_Exercise details_
How many lines of the entries hold the string "assert"? Reply with the number alone.

Saved entries:
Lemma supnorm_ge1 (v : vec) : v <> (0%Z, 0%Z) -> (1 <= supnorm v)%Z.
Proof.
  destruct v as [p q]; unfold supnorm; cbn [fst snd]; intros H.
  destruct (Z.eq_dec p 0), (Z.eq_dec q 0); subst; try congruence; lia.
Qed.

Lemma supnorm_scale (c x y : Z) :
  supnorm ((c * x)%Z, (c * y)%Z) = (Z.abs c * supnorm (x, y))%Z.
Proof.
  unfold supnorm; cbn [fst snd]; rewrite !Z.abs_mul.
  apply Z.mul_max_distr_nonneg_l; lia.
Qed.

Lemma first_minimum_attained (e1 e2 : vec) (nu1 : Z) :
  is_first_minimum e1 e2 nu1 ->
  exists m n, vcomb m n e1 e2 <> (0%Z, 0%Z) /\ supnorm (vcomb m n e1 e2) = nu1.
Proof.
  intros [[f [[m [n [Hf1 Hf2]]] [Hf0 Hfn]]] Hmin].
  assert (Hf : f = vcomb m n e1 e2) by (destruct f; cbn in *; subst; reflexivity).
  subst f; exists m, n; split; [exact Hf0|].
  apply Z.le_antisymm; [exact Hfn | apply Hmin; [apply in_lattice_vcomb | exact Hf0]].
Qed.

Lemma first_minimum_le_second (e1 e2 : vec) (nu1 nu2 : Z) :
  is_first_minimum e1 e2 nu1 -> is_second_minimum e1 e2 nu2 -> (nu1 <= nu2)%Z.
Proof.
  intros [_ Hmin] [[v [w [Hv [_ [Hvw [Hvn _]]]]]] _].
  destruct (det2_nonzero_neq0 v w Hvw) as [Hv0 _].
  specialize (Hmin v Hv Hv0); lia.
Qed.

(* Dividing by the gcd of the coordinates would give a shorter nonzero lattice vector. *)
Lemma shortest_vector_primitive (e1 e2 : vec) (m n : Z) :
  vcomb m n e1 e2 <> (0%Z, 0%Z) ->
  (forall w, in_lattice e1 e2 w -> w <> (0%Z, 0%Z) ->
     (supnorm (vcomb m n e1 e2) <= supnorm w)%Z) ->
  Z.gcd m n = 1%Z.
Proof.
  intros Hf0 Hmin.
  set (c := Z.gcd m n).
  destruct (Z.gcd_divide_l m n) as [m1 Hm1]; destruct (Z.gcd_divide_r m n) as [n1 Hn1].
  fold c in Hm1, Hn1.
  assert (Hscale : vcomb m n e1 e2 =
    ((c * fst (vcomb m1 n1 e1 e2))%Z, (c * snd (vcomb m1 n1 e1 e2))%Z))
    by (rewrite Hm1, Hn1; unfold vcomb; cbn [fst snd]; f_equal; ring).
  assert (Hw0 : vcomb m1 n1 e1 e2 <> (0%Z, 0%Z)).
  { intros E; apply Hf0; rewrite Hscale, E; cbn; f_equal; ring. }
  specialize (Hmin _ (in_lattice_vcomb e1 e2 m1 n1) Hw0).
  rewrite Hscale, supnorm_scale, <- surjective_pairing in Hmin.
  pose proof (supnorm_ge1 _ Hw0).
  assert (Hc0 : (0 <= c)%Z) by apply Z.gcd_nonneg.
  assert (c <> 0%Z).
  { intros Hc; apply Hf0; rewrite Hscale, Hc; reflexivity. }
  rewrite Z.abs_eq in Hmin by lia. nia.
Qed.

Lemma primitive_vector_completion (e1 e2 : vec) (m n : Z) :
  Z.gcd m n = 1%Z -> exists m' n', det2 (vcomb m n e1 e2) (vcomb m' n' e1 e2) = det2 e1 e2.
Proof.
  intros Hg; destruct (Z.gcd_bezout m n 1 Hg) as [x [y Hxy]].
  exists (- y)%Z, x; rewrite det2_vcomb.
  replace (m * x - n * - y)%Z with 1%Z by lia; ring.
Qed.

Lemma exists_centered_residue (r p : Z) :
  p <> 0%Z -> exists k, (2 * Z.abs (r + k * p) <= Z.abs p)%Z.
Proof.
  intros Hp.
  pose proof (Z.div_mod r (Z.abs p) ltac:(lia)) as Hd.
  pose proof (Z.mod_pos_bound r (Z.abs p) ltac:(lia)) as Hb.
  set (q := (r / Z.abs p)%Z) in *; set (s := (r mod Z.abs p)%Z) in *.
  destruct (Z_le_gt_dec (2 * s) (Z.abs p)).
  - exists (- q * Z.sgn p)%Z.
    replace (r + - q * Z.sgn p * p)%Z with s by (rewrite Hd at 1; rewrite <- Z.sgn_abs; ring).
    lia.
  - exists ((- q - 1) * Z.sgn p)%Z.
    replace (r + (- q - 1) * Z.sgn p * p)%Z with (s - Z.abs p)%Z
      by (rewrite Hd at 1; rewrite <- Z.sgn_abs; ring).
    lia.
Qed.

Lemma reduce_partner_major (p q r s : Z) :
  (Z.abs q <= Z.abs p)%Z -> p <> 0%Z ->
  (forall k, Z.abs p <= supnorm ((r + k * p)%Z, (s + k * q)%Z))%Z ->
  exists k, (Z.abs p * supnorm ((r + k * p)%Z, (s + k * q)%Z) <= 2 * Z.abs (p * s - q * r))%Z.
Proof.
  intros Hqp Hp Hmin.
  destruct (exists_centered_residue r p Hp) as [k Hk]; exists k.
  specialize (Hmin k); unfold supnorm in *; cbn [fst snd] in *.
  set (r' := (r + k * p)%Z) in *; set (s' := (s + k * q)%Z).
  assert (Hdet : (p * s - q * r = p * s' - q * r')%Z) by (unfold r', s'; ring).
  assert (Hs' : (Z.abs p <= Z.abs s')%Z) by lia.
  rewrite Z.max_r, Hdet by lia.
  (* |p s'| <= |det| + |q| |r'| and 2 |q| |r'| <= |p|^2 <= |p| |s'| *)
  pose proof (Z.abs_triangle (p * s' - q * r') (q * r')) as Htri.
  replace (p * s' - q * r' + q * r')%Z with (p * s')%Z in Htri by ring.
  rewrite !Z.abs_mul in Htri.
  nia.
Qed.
==
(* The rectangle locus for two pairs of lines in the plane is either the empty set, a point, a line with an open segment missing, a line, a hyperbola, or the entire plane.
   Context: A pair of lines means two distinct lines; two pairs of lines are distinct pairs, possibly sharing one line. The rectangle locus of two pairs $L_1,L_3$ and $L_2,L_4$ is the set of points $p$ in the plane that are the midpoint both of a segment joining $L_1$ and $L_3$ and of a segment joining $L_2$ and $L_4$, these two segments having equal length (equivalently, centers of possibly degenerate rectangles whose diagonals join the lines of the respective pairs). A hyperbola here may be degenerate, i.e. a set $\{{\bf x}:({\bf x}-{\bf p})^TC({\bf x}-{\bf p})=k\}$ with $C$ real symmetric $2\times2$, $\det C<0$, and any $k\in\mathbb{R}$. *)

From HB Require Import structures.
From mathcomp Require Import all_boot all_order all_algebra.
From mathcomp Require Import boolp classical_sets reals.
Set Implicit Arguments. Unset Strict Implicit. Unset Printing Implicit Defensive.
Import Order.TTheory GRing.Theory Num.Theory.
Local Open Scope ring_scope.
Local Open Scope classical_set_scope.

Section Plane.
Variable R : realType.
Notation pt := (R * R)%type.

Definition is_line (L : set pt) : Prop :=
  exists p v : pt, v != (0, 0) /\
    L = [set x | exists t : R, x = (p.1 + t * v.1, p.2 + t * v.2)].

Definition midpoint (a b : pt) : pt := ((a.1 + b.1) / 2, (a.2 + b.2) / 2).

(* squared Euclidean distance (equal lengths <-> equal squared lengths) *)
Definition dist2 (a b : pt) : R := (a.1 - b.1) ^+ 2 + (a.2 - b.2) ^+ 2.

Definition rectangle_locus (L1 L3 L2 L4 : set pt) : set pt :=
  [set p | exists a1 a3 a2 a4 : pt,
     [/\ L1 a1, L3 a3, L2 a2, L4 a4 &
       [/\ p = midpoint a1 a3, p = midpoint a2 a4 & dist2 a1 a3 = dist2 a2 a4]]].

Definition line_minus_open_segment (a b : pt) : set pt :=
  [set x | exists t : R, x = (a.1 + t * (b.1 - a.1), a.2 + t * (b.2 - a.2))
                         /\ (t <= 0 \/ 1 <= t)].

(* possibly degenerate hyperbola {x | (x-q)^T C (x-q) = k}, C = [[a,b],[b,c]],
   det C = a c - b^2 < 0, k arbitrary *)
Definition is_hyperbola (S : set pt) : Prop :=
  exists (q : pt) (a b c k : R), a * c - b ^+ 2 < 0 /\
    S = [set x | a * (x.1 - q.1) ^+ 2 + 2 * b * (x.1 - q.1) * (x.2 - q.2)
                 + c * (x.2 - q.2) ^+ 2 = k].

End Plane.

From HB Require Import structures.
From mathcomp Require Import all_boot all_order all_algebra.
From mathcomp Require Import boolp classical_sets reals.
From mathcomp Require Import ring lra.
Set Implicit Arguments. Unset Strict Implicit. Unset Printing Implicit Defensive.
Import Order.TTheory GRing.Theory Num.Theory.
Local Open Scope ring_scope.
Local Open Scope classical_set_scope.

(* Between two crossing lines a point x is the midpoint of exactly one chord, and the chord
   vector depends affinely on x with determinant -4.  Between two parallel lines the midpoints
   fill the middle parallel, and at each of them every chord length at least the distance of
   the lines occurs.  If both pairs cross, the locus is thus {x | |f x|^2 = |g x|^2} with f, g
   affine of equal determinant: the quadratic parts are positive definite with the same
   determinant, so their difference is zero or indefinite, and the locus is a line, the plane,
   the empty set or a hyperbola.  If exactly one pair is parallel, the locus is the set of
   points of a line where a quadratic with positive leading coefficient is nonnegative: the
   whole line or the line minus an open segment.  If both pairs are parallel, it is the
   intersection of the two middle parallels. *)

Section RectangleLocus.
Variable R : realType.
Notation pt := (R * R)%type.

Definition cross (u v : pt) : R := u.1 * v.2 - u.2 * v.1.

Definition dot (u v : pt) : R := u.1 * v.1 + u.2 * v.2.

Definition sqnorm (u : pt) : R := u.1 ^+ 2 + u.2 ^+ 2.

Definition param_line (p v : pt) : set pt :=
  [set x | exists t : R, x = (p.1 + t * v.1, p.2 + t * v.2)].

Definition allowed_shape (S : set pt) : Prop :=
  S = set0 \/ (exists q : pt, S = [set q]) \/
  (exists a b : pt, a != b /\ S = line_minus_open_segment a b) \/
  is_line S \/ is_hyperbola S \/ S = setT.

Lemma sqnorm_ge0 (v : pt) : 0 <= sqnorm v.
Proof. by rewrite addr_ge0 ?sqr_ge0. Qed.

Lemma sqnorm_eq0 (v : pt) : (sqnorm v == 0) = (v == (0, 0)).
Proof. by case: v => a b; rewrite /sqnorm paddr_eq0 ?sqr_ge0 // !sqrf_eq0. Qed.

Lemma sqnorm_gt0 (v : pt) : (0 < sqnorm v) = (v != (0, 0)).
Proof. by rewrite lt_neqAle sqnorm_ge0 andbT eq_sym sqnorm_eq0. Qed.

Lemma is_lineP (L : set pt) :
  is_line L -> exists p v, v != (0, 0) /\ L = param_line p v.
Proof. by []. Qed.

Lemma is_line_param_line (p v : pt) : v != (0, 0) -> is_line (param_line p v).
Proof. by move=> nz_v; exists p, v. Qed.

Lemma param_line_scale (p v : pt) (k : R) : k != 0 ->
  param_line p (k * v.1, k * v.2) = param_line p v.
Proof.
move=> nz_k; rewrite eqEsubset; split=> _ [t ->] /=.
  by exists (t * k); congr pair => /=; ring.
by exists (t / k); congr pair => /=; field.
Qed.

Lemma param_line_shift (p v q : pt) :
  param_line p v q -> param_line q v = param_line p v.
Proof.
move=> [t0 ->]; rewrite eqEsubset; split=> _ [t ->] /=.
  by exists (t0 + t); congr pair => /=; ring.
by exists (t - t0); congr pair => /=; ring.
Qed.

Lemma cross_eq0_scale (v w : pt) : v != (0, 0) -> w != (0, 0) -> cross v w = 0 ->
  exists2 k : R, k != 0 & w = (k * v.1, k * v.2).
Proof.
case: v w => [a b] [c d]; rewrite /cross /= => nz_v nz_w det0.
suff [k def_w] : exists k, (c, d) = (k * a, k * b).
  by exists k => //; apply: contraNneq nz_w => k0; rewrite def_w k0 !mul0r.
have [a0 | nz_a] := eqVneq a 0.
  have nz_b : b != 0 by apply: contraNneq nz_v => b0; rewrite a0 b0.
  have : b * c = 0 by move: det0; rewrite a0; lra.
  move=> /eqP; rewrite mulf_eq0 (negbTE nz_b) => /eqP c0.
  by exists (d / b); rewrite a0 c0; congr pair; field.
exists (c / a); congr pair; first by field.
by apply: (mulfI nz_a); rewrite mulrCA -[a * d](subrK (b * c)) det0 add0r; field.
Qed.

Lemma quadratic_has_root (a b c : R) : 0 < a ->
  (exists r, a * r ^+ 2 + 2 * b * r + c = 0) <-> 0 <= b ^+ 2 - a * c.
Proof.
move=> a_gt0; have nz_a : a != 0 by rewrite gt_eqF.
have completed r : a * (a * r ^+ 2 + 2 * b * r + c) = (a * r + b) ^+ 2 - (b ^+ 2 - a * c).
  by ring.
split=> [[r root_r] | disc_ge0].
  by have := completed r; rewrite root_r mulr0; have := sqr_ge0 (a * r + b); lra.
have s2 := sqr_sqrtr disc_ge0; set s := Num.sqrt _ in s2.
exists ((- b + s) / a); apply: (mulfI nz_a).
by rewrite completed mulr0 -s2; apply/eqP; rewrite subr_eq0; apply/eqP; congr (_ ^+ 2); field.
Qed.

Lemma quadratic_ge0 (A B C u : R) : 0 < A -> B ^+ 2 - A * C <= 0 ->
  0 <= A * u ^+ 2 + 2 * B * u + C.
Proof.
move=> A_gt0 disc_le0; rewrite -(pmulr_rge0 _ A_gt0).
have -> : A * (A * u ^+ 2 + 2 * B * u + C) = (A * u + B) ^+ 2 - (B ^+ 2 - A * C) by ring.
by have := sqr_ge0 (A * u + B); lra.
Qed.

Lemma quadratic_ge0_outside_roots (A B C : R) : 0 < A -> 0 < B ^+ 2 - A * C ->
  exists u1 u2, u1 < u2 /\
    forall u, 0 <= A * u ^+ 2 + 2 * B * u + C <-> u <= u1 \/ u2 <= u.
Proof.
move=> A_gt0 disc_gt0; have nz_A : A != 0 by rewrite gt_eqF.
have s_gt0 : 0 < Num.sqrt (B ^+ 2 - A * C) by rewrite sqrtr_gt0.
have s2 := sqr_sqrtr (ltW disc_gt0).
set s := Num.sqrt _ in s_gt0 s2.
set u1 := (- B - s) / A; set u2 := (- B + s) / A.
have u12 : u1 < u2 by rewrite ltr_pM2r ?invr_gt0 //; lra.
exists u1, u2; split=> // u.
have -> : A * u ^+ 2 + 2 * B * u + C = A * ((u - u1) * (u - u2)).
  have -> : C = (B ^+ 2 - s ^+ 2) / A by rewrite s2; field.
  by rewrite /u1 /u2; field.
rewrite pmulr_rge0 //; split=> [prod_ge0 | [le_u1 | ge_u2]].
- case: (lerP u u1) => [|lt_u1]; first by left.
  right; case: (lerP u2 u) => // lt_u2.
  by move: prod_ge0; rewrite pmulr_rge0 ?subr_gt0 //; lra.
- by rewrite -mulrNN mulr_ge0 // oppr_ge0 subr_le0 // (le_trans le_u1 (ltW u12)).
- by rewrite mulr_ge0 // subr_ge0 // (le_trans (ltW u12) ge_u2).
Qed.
==
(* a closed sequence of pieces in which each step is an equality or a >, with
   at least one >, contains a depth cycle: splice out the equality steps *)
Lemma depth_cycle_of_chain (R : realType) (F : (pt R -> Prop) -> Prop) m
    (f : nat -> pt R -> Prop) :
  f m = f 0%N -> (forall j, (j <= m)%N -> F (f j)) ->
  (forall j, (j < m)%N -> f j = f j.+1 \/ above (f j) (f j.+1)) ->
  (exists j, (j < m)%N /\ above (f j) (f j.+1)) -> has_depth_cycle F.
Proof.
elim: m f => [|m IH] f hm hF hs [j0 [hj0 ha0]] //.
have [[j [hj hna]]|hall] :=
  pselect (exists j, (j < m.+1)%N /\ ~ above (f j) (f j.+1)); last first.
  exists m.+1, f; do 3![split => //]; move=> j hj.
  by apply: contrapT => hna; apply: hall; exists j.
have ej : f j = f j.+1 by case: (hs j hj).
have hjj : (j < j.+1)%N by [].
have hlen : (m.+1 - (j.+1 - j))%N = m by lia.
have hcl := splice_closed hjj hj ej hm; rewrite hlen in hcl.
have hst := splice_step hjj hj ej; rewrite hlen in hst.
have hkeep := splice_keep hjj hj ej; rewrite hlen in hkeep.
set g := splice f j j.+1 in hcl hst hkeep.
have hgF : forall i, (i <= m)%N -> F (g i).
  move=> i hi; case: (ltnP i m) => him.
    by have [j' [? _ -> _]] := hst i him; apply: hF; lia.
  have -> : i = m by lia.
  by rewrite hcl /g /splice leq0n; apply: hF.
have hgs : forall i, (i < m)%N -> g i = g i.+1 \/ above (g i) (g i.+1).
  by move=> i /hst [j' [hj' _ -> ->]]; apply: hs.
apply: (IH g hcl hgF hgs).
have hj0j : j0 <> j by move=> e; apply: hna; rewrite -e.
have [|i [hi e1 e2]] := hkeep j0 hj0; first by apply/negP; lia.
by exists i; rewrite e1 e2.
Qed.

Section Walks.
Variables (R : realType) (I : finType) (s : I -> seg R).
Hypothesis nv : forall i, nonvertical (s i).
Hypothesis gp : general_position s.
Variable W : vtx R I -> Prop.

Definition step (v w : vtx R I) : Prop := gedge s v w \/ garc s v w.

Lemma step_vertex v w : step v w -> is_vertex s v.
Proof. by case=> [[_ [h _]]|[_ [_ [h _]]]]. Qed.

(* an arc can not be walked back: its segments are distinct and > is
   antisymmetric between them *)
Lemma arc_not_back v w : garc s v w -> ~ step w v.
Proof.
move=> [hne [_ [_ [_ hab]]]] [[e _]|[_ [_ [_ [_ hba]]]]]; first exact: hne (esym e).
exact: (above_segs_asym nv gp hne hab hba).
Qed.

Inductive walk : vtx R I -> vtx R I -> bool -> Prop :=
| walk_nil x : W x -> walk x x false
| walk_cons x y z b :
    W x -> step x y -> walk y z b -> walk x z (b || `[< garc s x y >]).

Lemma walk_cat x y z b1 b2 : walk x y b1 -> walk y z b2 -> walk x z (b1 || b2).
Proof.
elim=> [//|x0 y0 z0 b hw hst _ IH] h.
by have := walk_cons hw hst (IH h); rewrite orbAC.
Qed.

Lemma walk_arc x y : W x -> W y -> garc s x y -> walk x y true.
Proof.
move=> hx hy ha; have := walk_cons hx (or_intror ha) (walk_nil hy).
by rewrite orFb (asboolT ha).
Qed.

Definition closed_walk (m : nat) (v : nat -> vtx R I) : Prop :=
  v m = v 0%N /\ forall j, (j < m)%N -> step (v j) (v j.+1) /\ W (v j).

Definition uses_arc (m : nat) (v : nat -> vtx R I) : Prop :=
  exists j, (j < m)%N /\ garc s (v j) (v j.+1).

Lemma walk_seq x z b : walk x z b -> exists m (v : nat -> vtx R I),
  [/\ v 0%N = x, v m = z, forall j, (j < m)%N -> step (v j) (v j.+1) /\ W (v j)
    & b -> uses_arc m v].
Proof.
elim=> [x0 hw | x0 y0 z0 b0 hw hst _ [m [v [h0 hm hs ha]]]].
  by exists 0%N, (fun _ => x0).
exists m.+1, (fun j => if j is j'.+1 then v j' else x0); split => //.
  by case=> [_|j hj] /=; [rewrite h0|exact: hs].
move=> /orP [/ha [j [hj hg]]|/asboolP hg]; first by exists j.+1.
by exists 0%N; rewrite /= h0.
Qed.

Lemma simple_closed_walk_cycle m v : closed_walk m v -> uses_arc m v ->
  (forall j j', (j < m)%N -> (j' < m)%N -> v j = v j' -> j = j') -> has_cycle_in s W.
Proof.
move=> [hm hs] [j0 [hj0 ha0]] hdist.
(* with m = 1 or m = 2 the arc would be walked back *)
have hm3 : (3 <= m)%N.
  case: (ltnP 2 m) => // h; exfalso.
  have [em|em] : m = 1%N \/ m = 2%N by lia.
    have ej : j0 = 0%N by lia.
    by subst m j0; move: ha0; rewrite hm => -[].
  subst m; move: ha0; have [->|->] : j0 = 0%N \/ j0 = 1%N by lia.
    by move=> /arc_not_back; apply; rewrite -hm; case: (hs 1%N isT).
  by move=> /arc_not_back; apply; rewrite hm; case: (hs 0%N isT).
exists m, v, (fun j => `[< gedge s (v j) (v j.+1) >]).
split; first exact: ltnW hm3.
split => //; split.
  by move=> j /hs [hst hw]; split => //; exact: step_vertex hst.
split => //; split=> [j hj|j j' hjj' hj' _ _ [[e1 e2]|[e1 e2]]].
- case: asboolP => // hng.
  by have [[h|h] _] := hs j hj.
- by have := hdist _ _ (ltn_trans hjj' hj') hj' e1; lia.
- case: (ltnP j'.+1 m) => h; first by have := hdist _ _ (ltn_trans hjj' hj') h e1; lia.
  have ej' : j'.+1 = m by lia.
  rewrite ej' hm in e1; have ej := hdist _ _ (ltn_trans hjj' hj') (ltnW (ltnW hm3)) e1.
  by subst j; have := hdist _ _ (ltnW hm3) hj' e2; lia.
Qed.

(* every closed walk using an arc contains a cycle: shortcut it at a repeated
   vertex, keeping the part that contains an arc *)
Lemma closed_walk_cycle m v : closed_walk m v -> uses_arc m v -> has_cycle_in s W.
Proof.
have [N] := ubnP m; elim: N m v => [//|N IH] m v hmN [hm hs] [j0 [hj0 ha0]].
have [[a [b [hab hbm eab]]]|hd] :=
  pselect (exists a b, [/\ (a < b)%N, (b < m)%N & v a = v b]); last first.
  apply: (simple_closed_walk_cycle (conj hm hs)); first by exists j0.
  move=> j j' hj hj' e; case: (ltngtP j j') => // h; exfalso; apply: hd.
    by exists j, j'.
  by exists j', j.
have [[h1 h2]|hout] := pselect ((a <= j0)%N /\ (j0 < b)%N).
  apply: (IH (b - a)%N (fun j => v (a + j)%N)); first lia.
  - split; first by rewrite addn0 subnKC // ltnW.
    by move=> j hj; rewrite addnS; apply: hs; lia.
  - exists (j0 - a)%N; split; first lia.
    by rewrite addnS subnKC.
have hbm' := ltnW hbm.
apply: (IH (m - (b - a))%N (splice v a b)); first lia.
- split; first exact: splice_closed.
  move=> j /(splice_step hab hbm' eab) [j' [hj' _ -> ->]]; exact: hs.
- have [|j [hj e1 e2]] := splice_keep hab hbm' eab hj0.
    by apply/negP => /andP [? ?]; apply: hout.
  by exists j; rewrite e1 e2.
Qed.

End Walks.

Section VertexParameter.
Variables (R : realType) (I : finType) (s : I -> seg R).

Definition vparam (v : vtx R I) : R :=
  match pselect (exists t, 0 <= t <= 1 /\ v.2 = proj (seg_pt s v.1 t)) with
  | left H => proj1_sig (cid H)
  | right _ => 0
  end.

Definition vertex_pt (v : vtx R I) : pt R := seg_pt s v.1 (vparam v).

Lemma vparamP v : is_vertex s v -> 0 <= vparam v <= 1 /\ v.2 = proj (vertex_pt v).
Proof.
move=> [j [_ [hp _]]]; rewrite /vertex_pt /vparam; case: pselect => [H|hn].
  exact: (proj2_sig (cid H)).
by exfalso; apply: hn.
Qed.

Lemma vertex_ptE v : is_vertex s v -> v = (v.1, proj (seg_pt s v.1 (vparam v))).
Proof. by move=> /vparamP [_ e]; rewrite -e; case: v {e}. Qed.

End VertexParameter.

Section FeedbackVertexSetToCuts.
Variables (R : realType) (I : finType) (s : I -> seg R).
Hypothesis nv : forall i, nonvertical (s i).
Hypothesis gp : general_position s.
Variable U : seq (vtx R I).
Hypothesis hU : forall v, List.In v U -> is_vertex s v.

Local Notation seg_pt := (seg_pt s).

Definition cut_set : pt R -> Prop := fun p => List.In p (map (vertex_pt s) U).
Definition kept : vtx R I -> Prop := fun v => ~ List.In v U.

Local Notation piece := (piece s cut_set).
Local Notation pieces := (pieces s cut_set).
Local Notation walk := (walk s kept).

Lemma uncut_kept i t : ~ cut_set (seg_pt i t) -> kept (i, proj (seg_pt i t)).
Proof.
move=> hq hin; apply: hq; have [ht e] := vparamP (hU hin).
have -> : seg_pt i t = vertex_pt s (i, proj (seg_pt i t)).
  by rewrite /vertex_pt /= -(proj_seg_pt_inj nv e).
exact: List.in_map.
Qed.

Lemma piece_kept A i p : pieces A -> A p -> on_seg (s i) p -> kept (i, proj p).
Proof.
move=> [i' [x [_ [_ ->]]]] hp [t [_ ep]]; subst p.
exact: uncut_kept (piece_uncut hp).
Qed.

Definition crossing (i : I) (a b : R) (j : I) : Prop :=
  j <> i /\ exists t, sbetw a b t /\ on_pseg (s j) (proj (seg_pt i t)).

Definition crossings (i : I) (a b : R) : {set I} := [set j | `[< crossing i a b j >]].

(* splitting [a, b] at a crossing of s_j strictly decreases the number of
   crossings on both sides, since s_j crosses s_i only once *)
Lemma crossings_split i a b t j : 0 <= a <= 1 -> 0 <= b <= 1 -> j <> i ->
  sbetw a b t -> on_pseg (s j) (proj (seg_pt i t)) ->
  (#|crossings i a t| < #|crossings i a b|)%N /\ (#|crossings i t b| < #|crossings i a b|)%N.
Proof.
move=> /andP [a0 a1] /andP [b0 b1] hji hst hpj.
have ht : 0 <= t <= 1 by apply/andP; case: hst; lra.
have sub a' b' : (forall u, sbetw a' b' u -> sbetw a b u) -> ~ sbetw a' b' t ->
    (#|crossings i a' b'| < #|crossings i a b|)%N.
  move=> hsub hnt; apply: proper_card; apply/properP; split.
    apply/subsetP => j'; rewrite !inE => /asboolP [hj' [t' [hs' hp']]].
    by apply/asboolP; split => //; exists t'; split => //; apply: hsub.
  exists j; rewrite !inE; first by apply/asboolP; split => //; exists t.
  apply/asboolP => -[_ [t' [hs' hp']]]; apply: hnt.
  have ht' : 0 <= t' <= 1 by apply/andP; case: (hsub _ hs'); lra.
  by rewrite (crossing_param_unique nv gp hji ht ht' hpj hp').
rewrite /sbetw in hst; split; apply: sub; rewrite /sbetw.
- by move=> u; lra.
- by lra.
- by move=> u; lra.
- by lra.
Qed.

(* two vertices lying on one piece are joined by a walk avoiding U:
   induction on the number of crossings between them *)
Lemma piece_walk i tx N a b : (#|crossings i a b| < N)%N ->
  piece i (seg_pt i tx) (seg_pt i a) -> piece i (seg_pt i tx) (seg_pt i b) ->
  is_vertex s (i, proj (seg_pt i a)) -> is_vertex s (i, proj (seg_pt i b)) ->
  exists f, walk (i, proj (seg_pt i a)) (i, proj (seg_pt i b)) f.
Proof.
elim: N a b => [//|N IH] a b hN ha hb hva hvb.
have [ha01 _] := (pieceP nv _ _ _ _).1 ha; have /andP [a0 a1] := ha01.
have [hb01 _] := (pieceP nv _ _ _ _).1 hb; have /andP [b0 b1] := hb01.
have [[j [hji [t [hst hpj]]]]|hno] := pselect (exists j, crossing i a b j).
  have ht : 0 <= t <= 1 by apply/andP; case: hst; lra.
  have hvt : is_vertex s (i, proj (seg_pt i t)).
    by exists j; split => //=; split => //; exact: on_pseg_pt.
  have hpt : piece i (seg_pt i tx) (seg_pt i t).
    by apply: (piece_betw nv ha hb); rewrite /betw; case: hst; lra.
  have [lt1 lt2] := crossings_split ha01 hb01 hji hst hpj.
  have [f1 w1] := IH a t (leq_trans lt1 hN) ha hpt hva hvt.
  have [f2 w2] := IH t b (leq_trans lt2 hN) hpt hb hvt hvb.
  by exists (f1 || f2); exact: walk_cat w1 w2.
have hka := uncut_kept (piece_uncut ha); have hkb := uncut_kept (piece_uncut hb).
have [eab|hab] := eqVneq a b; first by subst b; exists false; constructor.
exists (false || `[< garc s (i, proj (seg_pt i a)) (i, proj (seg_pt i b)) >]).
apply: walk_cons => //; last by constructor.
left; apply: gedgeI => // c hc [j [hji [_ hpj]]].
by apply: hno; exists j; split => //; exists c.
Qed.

_Task answer_
7